All of lore.kernel.org
 help / color / mirror / Atom feed
* [U-Boot] [PATCH] patman: encode CC list to UTF-8
@ 2017-04-19 13:24 Philipp Tomsich
  2017-04-22 23:53 ` Simon Glass
  0 siblings, 1 reply; 5+ messages in thread
From: Philipp Tomsich @ 2017-04-19 13:24 UTC (permalink / raw)
  To: u-boot

This change encodes the CC list to UTF-8 to avoid failures on
maintainer-addresses that include non-ASCII characters (observed on
Debian 7.11 with Python 2.7.3).

Without this, I get the following failure:
  Traceback (most recent call last):
    File "tools/patman/patman", line 159, in <module>
      options.add_maintainers)
    File "[snip]/u-boot/tools/patman/series.py", line 234, in MakeCcFile
      print(commit.patch, ', '.join(set(list)), file=fd)
  UnicodeEncodeError: 'ascii' codec can't encode character u'\xfc' in position 81: ordinal not in range(128)
from Heiko's email address:
  [..., u'"Heiko St\xfcbner" <heiko@sntech.de>', ...]

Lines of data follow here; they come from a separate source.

(* Let $v_{1,1},v_{2,1},w_{1,1},w_{2,1}\in\mathbb R$ satisfy $w_{i,1}>0$, $4v_{i,1}+w_{i,1}>0$ ($i=1,2$), $v_{1,1}v_{2,1}>0$ and $c_2>c_1$, where $c_i:=2v_{i,1}+w_{i,1}$. Then for every $\vartheta\in(-\pi,\pi]$ one has $2\omega_+(\vartheta)\neq\omega_-(2\vartheta)$ and $2\omega_+(\vartheta)\neq\omega_+(2\vartheta)$.
   Context: For $\vartheta\in\mathbb R$ define $$\omega_\pm(\vartheta):=\sqrt{\tfrac12\Big(c_1+c_2\pm\sqrt{(c_1-c_2)^2+8v_{1,1}v_{2,1}(\cos\vartheta+1)}\Big)},$$ which are well defined and positive under the stated assumptions (these are the optical ($+$) and acoustical ($-$) branches of the dispersion relation $\det H(\omega,\vartheta)=0$, $H(\omega,\vartheta)=\begin{pmatrix}\omega^2-c_1 & v_{1,1}(e^{i\vartheta}+1)\\ v_{2,1}(1+e^{-i\vartheta}) & \omega^2-c_2\end{pmatrix}$, of the linearized diatomic chain). *)

From Stdlib Require Import Reals Lra.
Open Scope R_scope.

Definition cc (v w : R) : R := 2 * v + w.

Definition omega_p (v11 v21 w11 w21 th : R) : R :=
  let c1 := cc v11 w11 in let c2 := cc v21 w21 in
  sqrt ((1/2) * (c1 + c2 + sqrt ((c1 - c2)^2 + 8 * v11 * v21 * (cos th + 1)))).

Definition omega_m (v11 v21 w11 w21 th : R) : R :=
  let c1 := cc v11 w11 in let c2 := cc v21 w21 in
  sqrt ((1/2) * (c1 + c2 - sqrt ((c1 - c2)^2 + 8 * v11 * v21 * (cos th + 1)))).

From Stdlib Require Import Reals Lra Psatz.
Open Scope R_scope.

(** The hypotheses give [c_i > 2 |v_i1|], hence [4 v11 v21 < c1 c2].
    The discriminant [(c1 - c2)^2 + 8 v11 v21 (cos t + 1)] lies between
    [(c2 - c1)^2] and [(c2 - c1)^2 + 16 v11 v21 < (3 c2 - c1)^2], so at every
    angle [c2 <= omega_+^2] and [omega_-^2, omega_+^2 < 2 c2]. *)

Lemma cc_gt_2abs {v w : R} : 0 < w -> 0 < 4 * v + w -> 2 * Rabs v < cc v w.
Proof. unfold cc, Rabs; destruct (Rcase_abs v); lra. Qed.

Lemma cc_pos {v w : R} : 0 < w -> 0 < 4 * v + w -> 0 < cc v w.
Proof. intros hw h4; pose proof (cc_gt_2abs hw h4); pose proof (Rabs_pos v); lra. Qed.

Lemma double_neq_of_sqr_lt (a b : R) : 0 < a -> 0 <= b -> b ^ 2 < 4 * a ^ 2 ->
  2 * a <> b.
Proof. intros ha hb hlt E; subst b; lra. Qed.

Section Branches.

Variables v11 v21 w11 w21 : R.
Hypotheses (hw1 : 0 < w11) (hw2 : 0 < w21)
  (h41 : 0 < 4 * v11 + w11) (h42 : 0 < 4 * v21 + w21)
  (hv : 0 < v11 * v21) (hc : cc v11 w11 < cc v21 w21).

Let c1 := cc v11 w11.
Let c2 := cc v21 w21.
Let c1_pos : 0 < c1 := cc_pos hw1 h41.
Let c2_pos : 0 < c2 := cc_pos hw2 h42.
Let c1_lt_c2 : c1 < c2 := hc.
Let disc (th : R) := (c1 - c2) ^ 2 + 8 * v11 * v21 * (cos th + 1).

Lemma four_v_lt_c1_c2 : 4 * (v11 * v21) < c1 * c2.
Proof.
  pose proof (cc_gt_2abs hw1 h41) as hc1; pose proof (cc_gt_2abs hw2 h42) as hc2.
  fold c1 c2 in hc1, hc2.
  assert (hprod : v11 * v21 = Rabs v11 * Rabs v21).
  { rewrite <- Rabs_mult; symmetry; apply Rabs_pos_eq; lra. }
  pose proof (Rabs_pos v11); pose proof (Rabs_pos v21).
  nra.
Qed.

Lemma sqrt_disc_ge (th : R) : c2 - c1 <= sqrt (disc th).
Proof.
  destruct (COS_bound th) as [hcos _].
  rewrite <- (sqrt_pow2 (c2 - c1)) by (pose proof c1_lt_c2; lra).
  apply sqrt_le_1_alt; unfold disc; nra.
Qed.

Lemma sqrt_disc_lt (th : R) : sqrt (disc th) < 3 * c2 - c1.
Proof.
  destruct (COS_bound th) as [hcos hcos'].
  pose proof four_v_lt_c1_c2 as hcv.
  pose proof c1_pos; pose proof c1_lt_c2.
  rewrite <- (sqrt_pow2 (3 * c2 - c1)) by lra.
  apply sqrt_lt_1_alt; split; unfold disc; nra.
Qed.

Lemma omega_p_sqr_ge (th : R) : c2 <= omega_p v11 v21 w11 w21 th ^ 2.
Proof.
  pose proof (sqrt_disc_ge th) as hS.
  unfold omega_p; fold c1 c2; fold (disc th).
  pose proof c2_pos.
  rewrite pow2_sqrt by lra.
  lra.
Qed.

Lemma omega_p_sqr_lt (th : R) : omega_p v11 v21 w11 w21 th ^ 2 < 2 * c2.
Proof.
  pose proof (sqrt_disc_ge th) as hS; pose proof (sqrt_disc_lt th) as hS'.
  unfold omega_p; fold c1 c2; fold (disc th).
  pose proof c2_pos.
  rewrite pow2_sqrt by lra.
  lra.
Qed.

Lemma omega_m_sqr_lt (th : R) : omega_m v11 v21 w11 w21 th ^ 2 < 2 * c2.
Proof.
  pose proof (sqrt_disc_ge th) as hS; pose proof (sqrt_disc_lt th) as hS'.
  pose proof (sqrt_pos (disc th)) as hS0.
  unfold omega_m; fold c1 c2; fold (disc th).
  destruct (Rle_or_lt 0 ((1/2) * (c1 + c2 - sqrt (disc th)))) as [hpos | hneg].
  - rewrite pow2_sqrt by exact hpos. lra.
  - rewrite sqrt_neg_0 by lra. pose proof c2_pos. lra.
Qed.

End Branches.

Theorem mainTheorem1 (v11 v21 w11 w21 : R)
  (hw1 : 0 < w11) (hw2 : 0 < w21)
  (h41 : 0 < 4 * v11 + w11) (h42 : 0 < 4 * v21 + w21)
  (hv : 0 < v11 * v21)
  (hc : cc v11 w11 < cc v21 w21) :
  forall th : R, - PI < th <= PI ->
    2 * omega_p v11 v21 w11 w21 th <> omega_m v11 v21 w11 w21 (2 * th) /\
    2 * omega_p v11 v21 w11 w21 th <> omega_p v11 v21 w11 w21 (2 * th).
Proof.
  intros th _.
  pose proof (omega_p_sqr_ge _ _ _ _ hw1 hw2 h41 h42 hv hc th) as hge.
  pose proof (omega_p_sqr_lt _ _ _ _ hw1 hw2 h41 h42 hv hc (2 * th)) as hltp.
  pose proof (omega_m_sqr_lt _ _ _ _ hw1 hw2 h41 h42 hv hc (2 * th)) as hltm.
  pose proof (cc_pos hw2 h42).
  assert (hnn : 0 <= omega_p v11 v21 w11 w21 th) by apply sqrt_pos.
  assert (hpos : 0 < omega_p v11 v21 w11 w21 th) by nra.
  split; apply double_neq_of_sqr_lt; try apply sqrt_pos; lra.
Qed.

While with this change added this encodes to:
  "=?UTF-8?q?Heiko=20St=C3=BCbner?= <heiko@sntech.de>"

Signed-off-by: Philipp Tomsich <philipp.tomsich@theobroma-systems.com>
---

 tools/patman/series.py | 4 ++--
 1 file changed, 2 insertions(+), 2 deletions(-)

diff --git a/tools/patman/series.py b/tools/patman/series.py
index c1b8652..134a381 100644
--- a/tools/patman/series.py
+++ b/tools/patman/series.py
@@ -119,7 +119,7 @@ class Series(dict):
                     email = col.Color(col.YELLOW, "<alias '%s' not found>"
                             % tag)
                 if email:
-                    print('      Cc: ', email)
+                    print('      Cc: ', email.encode('utf-8'))
         print
         for item in to_set:
             print('To:\t ', item)
@@ -230,7 +230,7 @@ class Series(dict):
             if add_maintainers:
                 list += get_maintainer.GetMaintainer(commit.patch)
             all_ccs += list
-            print(commit.patch, ', '.join(set(list)), file=fd)
+            print(commit.patch, ', '.join(set(list)).encode('utf-8'), file=fd)
             self._generated_cc[commit.patch] = list
 
         if cover_fname:
-- 
1.9.1

^ permalink raw reply related	[flat|nested] 5+ messages in thread

* [U-Boot] [PATCH] patman: encode CC list to UTF-8
  2017-04-19 13:24 [U-Boot] [PATCH] patman: encode CC list to UTF-8 Philipp Tomsich
@ 2017-04-22 23:53 ` Simon Glass
  2017-04-25 17:12   ` Tom Rini
  0 siblings, 1 reply; 5+ messages in thread
From: Simon Glass @ 2017-04-22 23:53 UTC (permalink / raw)
  To: u-boot

+Tom

On 19 April 2017 at 07:24, Philipp Tomsich
<philipp.tomsich@theobroma-systems.com> wrote:
>
> This change encodes the CC list to UTF-8 to avoid failures on
> maintainer-addresses that include non-ASCII characters (observed on
> Debian 7.11 with Python 2.7.3).
>
> Without this, I get the following failure:
>   Traceback (most recent call last):
>     File "tools/patman/patman", line 159, in <module>
>       options.add_maintainers)
>     File "[snip]/u-boot/tools/patman/series.py", line 234, in MakeCcFile
>       print(commit.patch, ', '.join(set(list)), file=fd)
>   UnicodeEncodeError: 'ascii' codec can't encode character u'\xfc' in position 81: ordinal not in range(128)
> from Heiko's email address:
>   [..., u'"Heiko St\xfcbner" <heiko@sntech.de>', ...]
>
> While with this change added this encodes to:
>   "=?UTF-8?q?Heiko=20St=C3=BCbner?= <heiko@sntech.de>"
>
> Signed-off-by: Philipp Tomsich <philipp.tomsich@theobroma-systems.com>
> ---
>
>  tools/patman/series.py | 4 ++--
>  1 file changed, 2 insertions(+), 2 deletions(-)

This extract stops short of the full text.